The article was submitted 01.11.2023; approved after reviewing 17.11.2023; accepted for publication 20.11.2023.

Научная статья УДК 636.2.082.13 Код ВАК 4.2.5

doi: 10.24412/2078-1318-2023 -4-97-106

ОЦЕНКА СОВРЕМЕННОГО СОСТОЯНИЯ ГЕНОФОНДА ГОРСКОГО СКОТА ДАГЕСТАНА ПО ДАННЫМ SNP-АНАЛИЗА

А.С. Абдельманова1 И, Т.Е. Денискова1, В.В. Волкова1

Федеральный исследовательский центр животноводства - Всероссийский научно-исследовательский институт животноводства имени академика Л. К. Эрнста, пос. Дубровицы, Подольский р-н., Московская обл., Россия; И preevetic@mail.ru

Реферат. Локальные породы крупного рогатого скота отличаются высокими адаптационными способностями, однако не могут конкурировать по показателям продуктивности со специализированными породами. Дагестанский горный скот способен перемещаться по труднопроходимой местности и довольствоваться только пастбищным кормом без добавления концентратов, при этом он хорошо откликается на улучшение кормления, что делает его перспективной породой для разведения в условиях сурового климата и скудной кормовой базы. Селекционная работа с горским скотом велась по пути поглотительного скрещивания с

улучшающими породами, что могло привести к утрате аутентичных геномных компонентов, свойственных данной группе скота и связанных с ценными адаптационными качествами. Проведенные ранее исследования с использованием STR-маркеров показали наличие примеси красной степной породы у нескольких особей горского скота. Целью работы был анализ современного состояния генетической структуры популяции и оценка примесей улучшающих пород в популяции дагестанского горского скота. Проведено генотипирование образцов горского скота (GRSK, n = 26), красной степной (RED_STEPPE, n = 29), бурой швицкой (BRSW, n = 24) и голштинской (HLST, n = 25) пород, депонированных в генетическом банке ФГБНУ ФИЦ ВИЖ им. Л.К. Эрнста с использованием ДНК-чипов Bovine GGP BeadChip (Illumina Inc., США). Анализ главных компонентов показал формирование изучаемыми образцами породоспецифичных кластеров. Анализ структуры популяции горского скота выявил как особей, несущих более 30% генетических компонентов улучшающих пород, так и чистопородных животных. При оценке степени дивергенции популяций и обмена генами между ними идентифицировано одно событие потока генов от бурой швицкой породы к горскому скоту, что согласуется с историей развития породы. Полученные результаты могут быть использованы при разработке программ селекционной работы с локальными породами скота и программ по сохранению малочисленных и исчезающих локальных пород.
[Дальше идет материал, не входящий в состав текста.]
Lemma seminorm_peak_stability eps : 0 < eps -> exists2 eta, 0 < eta &
  forall r, p r = 1 -> 1 - eta < psi r ->
    exists s, [/\ p s = 1, psi s = 1 & `|s - r| < eps].
Proof.
move=> eps0; have [c c0 hc] := seminorm_coercive.
have [eta eta0 etaQ] := @far_from_peaks_gap c^-1 eps eps0.
exists eta => // r pr hr.
have [k pk hk] := hc r.
(* r - k is an equivalent representative of r of norm at most 1/c *)
have pr' : p (r - k) = 1 by rewrite seminormDker ?seminormN.
have psir' : psi (r - k) = psi r by have := psiDker (r - k) pk; rewrite subrK.
have nr' : `|r - k| <= c^-1 by rewrite -(ler_pM2l c0) mulfV ?gt_eqF // -pr.
case: (pselect (exists s, [/\ p s = 1, psi s = 1 & `|s - (r - k)| < eps])).
  move=> [s [ps qs ds]]; exists (s + k); split.
  - by rewrite seminormDker.
  - by rewrite psiDker.
  - by move: ds; rewrite opprB addrA.
move=> ns; exfalso; apply: (etaQ (r - k)); first by rewrite psir'.
split => // s ps qs; rewrite leNgt; apply/negP => ds.
by apply: ns; exists s.
Qed.

End Seminorm.

Section Functionals.
Variable R : realType.
Variable X : normedModType R[i].

Lemma func0 (g : X -> R[i]) : is_bounded_functional g -> g 0 = 0.
Proof.
move=> [glin _].
have := glin 1 0 0; rewrite scaler0 addr0 mul1r => /(congr1 (fun z => z - g 0)).
by rewrite subrr addrK => h; apply/esym.
Qed.

Lemma funcD (g : X -> R[i]) u v : is_bounded_functional g -> g (u + v) = g u + g v.
Proof. by move=> [glin _]; rewrite -{1}[u]scale1r glin mul1r. Qed.

Lemma funcZ (g : X -> R[i]) a u : is_bounded_functional g -> g (a *: u) = a * g u.
Proof. by move=> hg; rewrite -[a *: u]addr0 (proj1 hg) (func0 hg) addr0. Qed.

Lemma funcB (g : X -> R[i]) u v : is_bounded_functional g -> g (u - v) = g u - g v.
Proof. by move=> hg; rewrite funcD // -scaleN1r funcZ // mulN1r. Qed.

Lemma func_bound (g : X -> R[i]) : is_bounded_functional g ->
  forall z, rabsC (g z) <= fnorm g * rnorm z.
Proof.
move=> hg z; have [_ [M hM]] := hg.
have [->|z0] := eqVneq z 0; first by rewrite func0 // rnorm0 mulr0 /rabsC normr0.
have t0 : 0 < rnorm z.
  by rewrite lt_def rnorm_ge0 andbT; apply/eqP => /rnorm_eq0; apply/eqP.
have ti0 : 0 <= (rnorm z)^-1 by rewrite invr_ge0 ltW.
pose w := ((rnorm z)^-1)%:C *: z.
have nw : rnorm w = 1 by rewrite rnormZ rabsC_real ger0_norm // mulVf ?gt_eqF.
have ub : rabsC (g w) <= fnorm g.
  apply: ub_le_sup; last by exists w => //=; rewrite nw.
  exists `|M| => _ [x hx <-]; apply: le_trans (hM x) _.
  apply: (@le_trans _ _ (`|M| * rnorm x)); first by rewrite ler_wpM2r ?rnorm_ge0 ?ler_norm.
  by rewrite -[X in _ <= X]mulr1 ler_wpM2l.
move: ub; rewrite funcZ // rabsCM rabsC_real ger0_norm // => ub.
by rewrite mulrC -ler_pdivrMl.
Qed.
Ключевые слова: скотоводство, локальные породы, горский скот, биоразнообразие, структура популяции

Цитирование. Абдельманова А.С., Денискова Т.Е., Волкова В.В. Оценка современного состояния генофонда горского скота Дагестана с использованием ДНК-маркеров // Известия Санкт-Петербургского государственного аграрного университета. - 2023. - № 4 (73). С. 97106, doi: 10.24412/2078-1318-2023-4-97-106.

Финансирование. Работа выполнена при финансовой поддержке Министерства науки и высшего образования РФ (тема FGGN-2022-0002).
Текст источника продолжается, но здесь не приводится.